The only problem is that I haven't figured out how to use clipping bounding box. My model is accurately scaled so that 1 unit is 1 meter. So

bounding_size: 2.0

Is not really an option in my case.

I can of course downsize my model, I will be trying it in the near future.

When I set bounding_size, and depth_max to be 40, I get this error:

assert gidx_nonempty.numel() > 0, "Occupancy grid becomes empty during training. Your model/algorithm/training settings might be incorrect. Please check configs and tensorboard."

AssertionError: Occupancy grid becomes empty during training. Your model/algorithm/training settings might be incorrect. Please check configs and tensorboard.

It happens on first iteration.

I can send you the colmap model for debug purposes, it's relatively small consisting of 200 images, 1000px each.

It would also be nice to have some explanation for the hyperparameters used, and how they interplay.
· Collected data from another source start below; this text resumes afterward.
Lemma ball_remainder_coef0 : 1 <= ball_remainder@_(0 + 0)%MM.
Proof.
have sqnorm_sos0 i : (sqnorm (U i) * sos i)@_(0 + 0)%MM = 0.
  by rewrite mcoeff_sqnormM_double big1 // => t /andP[_]; rewrite mnm0E.
rewrite /ball_remainder mcoeffB raddf_sum /=.
under eq_bigr do rewrite mcoeff_ball_sos_double sqnorm_sos0 mulr0 addr0 mdeg0 leq0n /=.
rewrite mcoeffC addm0 eqxx mulr1 /ball_xi -addrA lerDl subr_ge0.
by apply: ler_sum => i _; apply: ler_norm.
Qed.

Lemma ball_const_part_le a :
  \sum_i c i * (if (mdeg a <= k - cdeg (g i))%N then ball_weight i a else 0)
  <= (\sum_i `|c i|) * ball_base ^+ (k - mdeg a).
Proof.
rewrite mulr_suml; apply: ler_sum => i _; apply: le_trans (ler_norm _) _.
rewrite normrM ler_wpM2l //; case: ifP => _.
  by rewrite ger0_norm ?ball_weight_le // (le_trans ler01 (ball_weight_ge1 _ _)).
by rewrite normr0 exprn_ge0 // (le_trans ler01 ball_base_ge1).
Qed.

Lemma ball_sign_part_le {a} : a != 0%MM -> (mdeg a <= k)%N ->
  \sum_i ball_sign lower i * (sqnorm (U i) * sos i)@_(a + a)
  <= (m * n)%:R - ball_base * ball_base ^+ (k - mdeg a).
Proof.
move=> a_neq0 le_ak.
have [t a_t] : exists t, (0 < a t)%N.
  case: (pickP (fun t => 0 < a t)%N) => [t a_t | a0]; first by exists t.
  by case/eqP: a_neq0; apply/mnmP => t; rewrite mnm0E; move: (a0 t); lia.
have [i0 upp t_U] := upper_cover t.
have term_le i : ball_sign lower i * (sqnorm (U i) * sos i)@_(a + a) <= n%:R.
  rewrite /ball_sign; case: ifP => [low | _].
    by rewrite mul1r mcoeff_sqnorm_sos_lower_le.
  by rewrite mulN1r (le_trans _ (ler0n _ n)) // oppr_le0 mcoeff_sqnorm_sos_ge0.
have rest_le :
    \sum_(i | i != i0) ball_sign lower i * (sqnorm (U i) * sos i)@_(a + a) <= (m * n)%:R.
  have -> : (m * n)%:R = \sum_(i < m) (n%:R : R).
    by rewrite sumr_const card_ord natrM mulr_natl.
  rewrite [X in _ <= X](bigD1 i0) //=.
  by rewrite -[X in X <= _]add0r lerD // ler_sum.
have i0_ge := mcoeff_sqnorm_sos_upper_ge upp t_U a_t le_ak.
rewrite (bigD1 i0) //= {1}/ball_sign (negbTE upp) mulN1r; lra.
Qed.

Lemma ball_remainder_coef_ge1 a : (mdeg a <= k)%N -> 1 <= ball_remainder@_(a + a).
Proof.
move=> le_ak; have [-> | a_neq0] := eqVneq a 0%MM; first exact: ball_remainder_coef0.
rewrite /ball_remainder mcoeffB mcoeffC mnmD_eq0 andbb (negbTE a_neq0) mulr0 sub0r.
rewrite raddf_sum /=; under eq_bigr do rewrite mcoeff_ball_sos_double.
rewrite big_split /=; have := ball_const_part_le a; have := ball_sign_part_le a_neq0 le_ak.
have : 1 <= ball_base ^+ (k - mdeg a) by rewrite exprn_ege1 ?ball_base_ge1.
have : 0 <= \sum_i `|c i| by rewrite sumr_ge0.
have : 0 <= (m * n)%:R :> R by [].
(* (1 + W + mn) X - W X - mn = X + mn (X - 1) >= 1 *)
rewrite /ball_base; set X := (_ ^+ _); set W := \sum_i _; nra.
Qed.

Lemma ball_diag_certificate : diag_certificate g k.
Proof.
exists ball_xi, (fun a => ball_remainder@_(a + a)), ball_weight; split.
- by rewrite /ball_xi ltr_wpDr ?sumr_ge0.
- exact: ball_remainder_coef_ge1.
- by move=> i a _; apply: ball_weight_ge1.
- by rewrite -(diag_sosE sq_supported_ball_remainder) /ball_remainder subrK.
Qed.

End BallCertificate.

Lemma cdeg_le_kmin {R : rcfType} {n m l : nat} (f : {mpoly R[n]})
  (g : 'I_m -> {mpoly R[n]}) (h : 'I_l -> {mpoly R[n]}) i :
  (cdeg (g i) <= kmin f g h)%N.
Proof. by rewrite /kmin !leq_max (leq_bigmax (F := fun i => cdeg (g i))) orbT. Qed.

Lemma ball_form_of_annuli_and_balls {R : rcfType} {n m : nat}
  {g : 'I_m -> {mpoly R[n]}} {r : nat} {Rlo Rhi : nat -> R} {T : nat -> {set 'I_n}} :
  (2 * r <= m)%N ->
  \bigcup_(i < m | (i < r)%N || (2 * r <= i)%N) (T i : {set 'I_n}) = [set: 'I_n] ->
  (forall i : 'I_m, (i < r)%N -> g i = sqnorm (T i) - (Rlo i)%:MP) ->
  (forall i : 'I_m, (r <= i < 2 * r)%N ->
     g i = (Rhi (i - r)%N)%:MP - sqnorm (T (i - r)%N)) ->
  (forall j : 'I_m, (2 * r <= j)%N -> g j = (Rhi j)%:MP - sqnorm (T j)) ->
  exists (lower : 'I_m -> bool) (c : 'I_m -> R) (U : 'I_m -> {set 'I_n}),
    (forall i, g i = (c i)%:MP + ball_sign lower i *: sqnorm (U i)) /\
    (forall t, exists2 i, ~~ lower i & t \in U i).
Proof.
move=> le_2r_m cover g_lo g_mid g_up.
exists (fun i => i < r)%N.
exists (fun i => if (i < r)%N then - Rlo i else if (i < 2 * r)%N then Rhi (i - r)%N else Rhi i).
exists (fun i => if (i < r)%N then T i else if (i < 2 * r)%N then T (i - r)%N else T i).
split=> [i | t]; rewrite /ball_sign.
  case: (ltnP i r) => [lt_ir | le_ri]; first by rewrite g_lo // scale1r mpolyCN addrC.
  case: ltnP => [lt_i2r | le_2ri]; rewrite scaleN1r; first by rewrite g_mid //; lia.
  by rewrite g_up.
move: (in_setT t); rewrite -cover => /bigcupP[i /orP[lt_ir | le_2ri] t_T].
  have [lt_irm le_r lt_2r] : [/\ (i + r < m)%N, (r <= i + r)%N & (i + r < 2 * r)%N].
    by split; lia.
  by exists (Ordinal lt_irm); rewrite /= ltnNge le_r //= lt_2r addnK.
have le_ri : (r <= i)%N by lia.
by exists i; rewrite ltnNge le_ri //= ltnNge le_2ri.
Qed.

Theorem proposition1 (R : rcfType) (n m l : nat) (f : {mpoly R[n]})
  (g : 'I_m -> {mpoly R[n]}) (h : 'I_l -> {mpoly R[n]})
  (r : nat) (Rlo Rhi : nat -> R) (T : nat -> {set 'I_n}) :
  (2 * r <= m)%N ->
  (forall i : nat, (i < r)%N -> 0 < Rlo i /\ Rlo i < Rhi i) ->
  (forall j : nat, (2 * r <= j < m)%N -> 0 < Rhi j) ->
  \bigcup_(i < m | (i < r)%N || (2 * r <= i)%N) (T i : {set 'I_n}) = [set: 'I_n] ->
  (forall i : 'I_m, (i < r)%N -> g i = sqnorm (T i) - (Rlo i)%:MP) ->
  (forall i : 'I_m, (r <= i < 2 * r)%N ->
     g i = (Rhi (i - r)%N)%:MP - sqnorm (T (i - r)%N)) ->
  (forall j : 'I_m, (2 * r <= j)%N -> g j = (Rhi j)%:MP - sqnorm (T j)) ->
  (forall k : nat, (kmin f g h <= k)%N -> LP_feasible g h k)
  /\ CTP f g h.
Proof.
move=> le_2r_m _ _ cover g_lo g_mid g_up.
have [lower [c [U [g_ball upper_cover]]]] :=
  ball_form_of_annuli_and_balls le_2r_m cover g_lo g_mid g_up.
have certif k : (kmin f g h <= k)%N -> diag_certificate g k.
  move=> le_k; apply: (ball_diag_certificate g_ball _ upper_cover) => i.
  exact: leq_trans (cdeg_le_kmin f g h i) le_k.
split; last exact: CTP_diag_certificate.
by move=> k /certif; apply: LP_feasible_diag_certificate.
Qed.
I believe it to be crucial you also use some normalized data for your future experiments and hyperparameter selection, so that 1 unit = 1 real world meter

Here is the indoor scene I am trying to reconstruct. image

awarebayes commented 11 months ago

Sorry to bother, I wrote you previous reply about the clip range selection, but for large scale reconstructions, this parameter really needs to be taken into consideration, as well as actual model scale

awarebayes commented 11 months ago

I have downscaled the model, run 25k iterations. My losses look like that (ignore the jump, I launched second training session some time after):

image

https://github.com/PJLab-ADG/neuralsim/assets/42784580/5cd58b20-81e4-4d57-9e95-a62e0f5281d1

I can say it works, but the results are meh, I get this as room mesh, which looks like colmap reconstuction :) image

Can you please suggest me which hyperparams to tune so that the model looks presentable?

I can send you anything, tensorboard, my colmap folder... Thanks in advance, you are the only repository which accepts colmap inputs

awarebayes commented 11 months ago

I am just using colmap output as is, so it is randomly rotated. Maybe if I rotate it in a specific way (axis aligned), it will better allign with the grid? The existance of grid may imply implicit manhattan assumption. I am talking about the multiscale interpolation grid used in conjunction with MLP

awarebayes commented 11 months ago

I will also debug depth maps generated by the omnidata. Will play with the clearance loss, because the main issue are the bulbous blob looking things protruding everywhere in the room, in the air

kevinchan04 commented 1 month ago

Hi @awarebayes , have you exported a good mesh? I am also facing this issue, and could you share how to finetuen the hyperparameters? Thank you!